Monday, November 3, 2014

Ancillary Justice by Ann Leckie

Title: Ancillary Justice 
Author: Ann Leckie 
Type: Novel 
Genre: Science Fiction 
Series: Yes, Imperial Radch #1 
Pages: 409 
Copyright: 2013 
Publisher: Orbit 
Rating: 4 out of 5


Cover Rating: 2.5 out of 5
I do not think I would have read the book if I had seen this cover. I was picturing something more like a planet dark blue with a yellow line of light on the edge from maybe one of the lotuses that Breq carries. I don't think that the Star Wars theme cover is bad I just don't like it as much. I think I did a much better job imagining what the ships looked like that the cover does. Even though the cover does fit the book it doesn't make me what to read the book at all. Thus I would say it is a failure in that respect because what is inside is an amazing story.
Before Cover was drawn.

Summary: from Good Reads.
On a remote, icy planet, the soldier known as Breq is drawing closer to completing her quest.

Breq is both more than she seems and less than she was. Years ago, she was the Justice of Toren--a colossal starship with an artificial intelligence linking thousands of corpse soldiers in the service of the Radch, the empire that conquered the galaxy.

An act of treachery has ripped it all away, leaving her with only one fragile human body. And only one purpose--to revenge herself on Anaander Mianaai, many-bodied, near-immortal Lord of the Radch.

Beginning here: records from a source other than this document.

Lemma obj_sub_kernel (x d : 'rV[R]_m) t : (forall k, lin (Z k) d = 0) ->
  (forall i, `|x ord0 i - t * d ord0 i| <= `|x ord0 i|) -> obj (x - t *: d) <= obj x.
Proof.
move=> dker shrink; rewrite !objE.
under eq_bigr do rewrite linB linZ dker mulr0 subr0.
rewrite lerD2l; apply: ler_sum => i _; case: rho_reg => _ _ rho_mono _; apply: rho_mono => //.
by rewrite !mxE.
Qed.

Definition resid_l1 (x : 'rV[R]_m) := \sum_(k < n) `|lin (Z k) x|.

Lemma resid_l1_ge0 x : 0 <= resid_l1 x.
Proof. by apply: sumr_ge0 => k _. Qed.

Lemma resid_l1Z s x : resid_l1 (s *: x) = `|s| * resid_l1 x.
Proof. by rewrite /resid_l1 mulr_sumr; apply: eq_bigr => k _; rewrite linZ normrM. Qed.

Lemma resid_l1_continuous : continuous resid_l1.
Proof.
apply: continuous_big; first exact: pseudometric_normed_Zmodule.add_continuous.
by move=> k _ z; exact: (cvg_norm (@lin_continuous (Z k) z)).
Qed.

Definition resid_bound := \sum_(k < n) (`|y k ord0| + \sum_(l < n) y l ord0 ^+ 2 + 1).

Lemma resid_l1_le x : obj x <= obj 0 -> resid_l1 x <= resid_bound.
Proof.
rewrite !objE [X in _ <= _ + X]big1 => [|i _]; last by rewrite mxE normr0; case: rho_reg.
rewrite addr0; under [X in _ <= _ * X]eq_bigr do rewrite lin0 subr0.
move=> obj_le; apply: ler_sum => k _.
have c_gt0 : 0 < (2 * n%:R)^-1 :> R.
  by rewrite invr_gt0 mulr_gt0 // ltr0n (leq_ltn_trans _ (ltn_ord k)).
have sq_le : (y k ord0 - lin (Z k) x) ^+ 2 <= \sum_(l < n) y l ord0 ^+ 2.
  apply: le_trans (_ : \sum_(l < n) (y l ord0 - lin (Z l) x) ^+ 2 <= _).
    by rewrite (bigD1 k) //= lerDl sumr_ge0 // => l _; exact: sqr_ge0.
  by rewrite -(ler_pM2l c_gt0); have := penalty_ge0 x; lra.
have := ler_normB (y k ord0) (y k ord0 - lin (Z k) x); rewrite opprB addrC subrK.
have := normr_ge0 (y k ord0 - lin (Z k) x).
rewrite -[_ ^+ 2]real_normK ?num_real // in sq_le; nra.
Qed.

Definition sgn (σ : 'I_m -> bool) i : R := if σ i then 1 else -1.

Definition orthant (T : {set 'I_m}) (σ : 'I_m -> bool) : set 'rV[R]_m :=
  [set x | (forall i, i \notin T -> x ord0 i = 0) /\ forall i, 0 <= sgn σ i * x ord0 i].

Lemma orthant_norm T σ x i : orthant T σ x -> `|x ord0 i| = sgn σ i * x ord0 i.
Proof.
move=> [_ /(_ i)]; rewrite /sgn; case: (σ i); rewrite ?mul1r ?mulN1r => x_sgn.
  exact: ger0_norm.
by rewrite ler0_norm // -oppr_ge0.
Qed.

Lemma orthantZ T σ s x : 0 <= s -> orthant T σ x -> orthant T σ (s *: x).
Proof.
move=> s0 [xT xs]; split => i; rewrite mxE; first by move/xT->; rewrite mulr0.
by rewrite mulrCA mulr_ge0.
Qed.

Lemma orthant_subset (T T' : {set 'I_m}) σ :
  T \subset T' -> orthant T σ `<=` orthant T' σ.
Proof.
move=> TT' x [xT xs]; split=> // i iT'; apply: xT.
by apply: contra iT'; exact: (fintype.subsetP TT').
Qed.

Lemma orthant_supp T σ x i : orthant T σ x -> x ord0 i != 0 -> i \in T.
Proof. by move=> [xT _]; apply: contraR => /xT ->. Qed.

Definition orthant_ball (T : {set 'I_m}) σ (r : R) :=
  [set x | orthant T σ x /\ forall i, `|x ord0 i| <= r].

Lemma compact_orthant_ball T σ r : 0 <= r -> compact (orthant_ball T σ r).
Proof.
move=> r0; pose lo i := if (i \in T) && ~~ σ i then - r else 0.
pose hi i := if (i \in T) && σ i then r else 0.
have -> : orthant_ball T σ r = [set x | forall i, `[lo i, hi i]%classic (x ord0 i)].
  apply/seteqP; split => x /=.
    move=> [[xT xs] xr] i; rewrite in_itv /= /lo /hi.
    case: (boolP (i \in T)) => iT; last by rewrite xT // lexx.
    have := xr i; rewrite (@orthant_norm T σ x i) //; have := xs i.
    by rewrite /sgn; case: (σ i) => /=; lra.
  move=> xb; have xi i : lo i <= x ord0 i <= hi i by have := xb i; rewrite in_itv.
  split; first split.
  - move=> i iT; have := xi i; rewrite /lo /hi (negbTE iT).
    by move=> /andP[? ?]; apply/le_anti/andP.
  - move=> i; have := xi i; rewrite /lo /hi /sgn.
    by case: (i \in T); case: (σ i) => /=; lra.
  - move=> i; have := xi i; rewrite /lo /hi ler_norml.
    by case: (i \in T); case: (σ i) => /=; lra.
exact: (rV_compact (fun i => @segment_compact R _ _)).
Qed.

Definition kernel_free T σ :=
  forall d, orthant T σ d -> (forall k, lin (Z k) d = 0) -> d = 0.

Definition l1norm (x : 'rV[R]_m) := \sum_(i < m) `|x ord0 i|.

Lemma l1norm_ge0 x : 0 <= l1norm x.
Proof. by apply: sumr_ge0 => i _. Qed.

Lemma coord_le_l1norm (x : 'rV[R]_m) j : `|x ord0 j| <= l1norm x.
Proof. by rewrite /l1norm (bigD1 j) //= lerDl sumr_ge0. Qed.

Lemma orthant_l1normE T σ x : orthant T σ x -> l1norm x = lin (sgn σ) x.
Proof. by move=> xO; apply: eq_bigr => i _; rewrite (orthant_norm i xO). Qed.
Lemma Kinf_hom_matrix n n1 (L : 'M[R]_n) (L1 : 'M[R]_n1) phi :
  (forall xb, UL L xb -> UL L1 (phi xb)) -> Kinf_hom L L1 phi ->
  exists Th0 : 'M[F]_(n1, n), mproper Th0 /\
    forall x, vproper x -> phi (rho L x) = rho L1 (Th0 *m x).
Proof.
move=> UL_phi [phiD phiZ].
pose e i : 'cV[F]_n := delta_mx i 0.
have pe i : vproper (e i) by apply/vproperP; exact: mproper_delta.
have /fin_all_exists [th eth] i :
    exists y : 'cV[F]_n1, vproper y /\ phi (rho L (e i)) = rho L1 y.
  by have [y [py ->]] := UL_phi _ (ex_intro _ (e i) (conj (pe i) erefl)); exists y.
pose Th0 := \matrix_(k, i) th i k 0.
have Th0e i : Th0 *m e i = th i.
  by rewrite -colE; apply/matrixP => k j; rewrite !mxE (ord1 j).
exists Th0; split=> [k i | x px]; first by rewrite mxE; exact: (proj1 (eth i)).
have -> : x = \sum_i x i 0 *: e i.
  by rewrite {1}[x]matrix_sum_delta; apply: eq_bigr => i _; rewrite big_ord1.
pose P v := vproper v /\ phi (rho L v) = rho L1 (Th0 *m v).
suff : P (\sum_i x i 0 *: e i) by case.
apply: big_ind => [|v w [pv ev] [pw ew] | i _].
- have phi0 : phi 0 = 0.
    have := phiD 0 0 (@vproper0 K n) (@vproper0 K n); rewrite /rho (raddf0 (rho_e L)) addr0.
    by move=> /(congr1 (fun y => y - phi 0)); rewrite subrr addrK.
  split; first exact: vproper0.
  by rewrite /rho mulmx0 (raddf0 (rho_e L)) (raddf0 (rho_e L1)) phi0.
- split; first exact: vproperD.
  have -> : rho L (v + w) = rho L v + rho L w := raddfD (rho_e L) v w.
  by rewrite (phiD _ _ pv pw) ev ew mulmxDr /rho (raddfD (rho_e L1)).
have [pthi ethi] := eth i.
split; first exact: vproperZ.
by rewrite (phiZ _ _ _ (px i) (pe i) pthi ethi) -scalemxAr Th0e.
Qed.

Lemma Kinf_hom_intertwiner n n1 (L : 'M[R]_n) (L1 : 'M[R]_n1) phi :
  nonsingular L -> nonsingular L1 ->
  (forall xb, UL L xb -> UL L1 (phi xb)) -> Kinf_hom L L1 phi ->
  exists Th Th1 : 'M[F]_(n1, n),
    mproper Th /\ mproper Th1 /\ Th *m mx_tofr L = mx_tofr L1 *m Th1 /\
    (forall xb, UL L xb -> phi xb = rho_e L1 (Th *m mx_tofr xb)).
Proof.
move=> uL uL1 UL_phi hphi; have [Th0 [pTh0 ephi]] := Kinf_hom_matrix UL_phi hphi.
set Lf := mx_tofr L; set L1i := invmx (mx_tofr L1).
have ker (z : 'cV[F]_n) : mstrictly_proper z -> mproper (Lf *m z) ->
    mstrictly_proper (L1i *m Th0 *m (Lf *m z)).
  move=> sz /vproperP pLz; rewrite -mulmxA; apply/rho_e_eq0 => //.
  have rho0 : rho L (Lf *m z) = rho L 0.
    by rewrite /rho (raddf0 (rho_e L)); apply/rho_e_eq0; rewrite // mulKmx // mx_tofr_unitmx.
  rewrite -[rho_e L1 _]/(rho L1 _) -(ephi _ pLz) rho0 (ephi _ (@vproper0 K n)) mulmx0.
  exact: raddf0 (rho_e L1).
have [Th [pTh pTh1 sTh]] := proper_intertwiner pTh0 ker.
have eTh : Th *m Lf = mx_tofr L1 *m (L1i *m Th *m Lf).
  by rewrite !mulmxA mulmxV ?mul1mx // mx_tofr_unitmx.
exists Th, (L1i *m Th *m Lf); do 3!split=> //; move=> _ [x [px ->]].
rewrite (rho_e_intertwine _ uL uL1 pTh1 eTh) (ephi _ px); apply/eqP.
rewrite -subr_eq0 -(raddfB (rho_e L1)) -mulmxBl; apply/eqP/rho_e_eq0 => //.
by rewrite mulmxA; apply: mstrictly_proper_mulr sTh _; apply/vproperP.
Qed.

From debut author Ann Leckie, Ancillary Justice is a stunning space opera that asks what it means to be human in a universe guided by artificial intelligence.

My idea for the cover

Feelings: 

I thought that this was a hard book to read. This was largely because of how gender is written. The narrative is in the first person and the narrator comes from a place were gender is neutral and thus has a hard time defining gender when she is talking in other languages and must identify the gender of the person she is talking to. The language the narrator speaks uses the female pronoun "she" "her" for all genders and this can get a bit confusing.

"I'll rent a sledge," I said, "and buy a hypothermia kit."
Behind me one of the patrons chuckled and said, voice mocking, "Aren't you a tough little girl." (p. 2)
This is the only indication I have of the narrators gender through out the book. Gender is often from another characters insight or comment and not from Breq. I really liked Breq, the narrator, she (using it here not because she is female but because that is the pronoun the book uses) is very different from most narrators I've read. There are many odd things that we learn as we travel with Breq. The book also follows Breq's character 20 years in the past leading to the events of today.

For the first fifty pages maybe more I found the lack of gender really hard to follow. However, I did get used to it and as we gathered a group of characters and stayed with them it got easier to follow what was happening and not get caught up in the oddness of only seeing the female pronoun used.
She was probably male, to judge from the angular mazelike patterns quilting her shirt. I wasn't entirely certain. It wouldn't have mattered, if I had been in Radch Space. Radichaai don't care much about gender, and the language they speak--my own first language--doesn't mark gender in any way. (p. 3)
I don't want to give to much away about the story because it was really good and I thought reading it without a cover or a story blurb added to the appeal of the story.

I highly recommend this book to anyone who likes Science Fiction.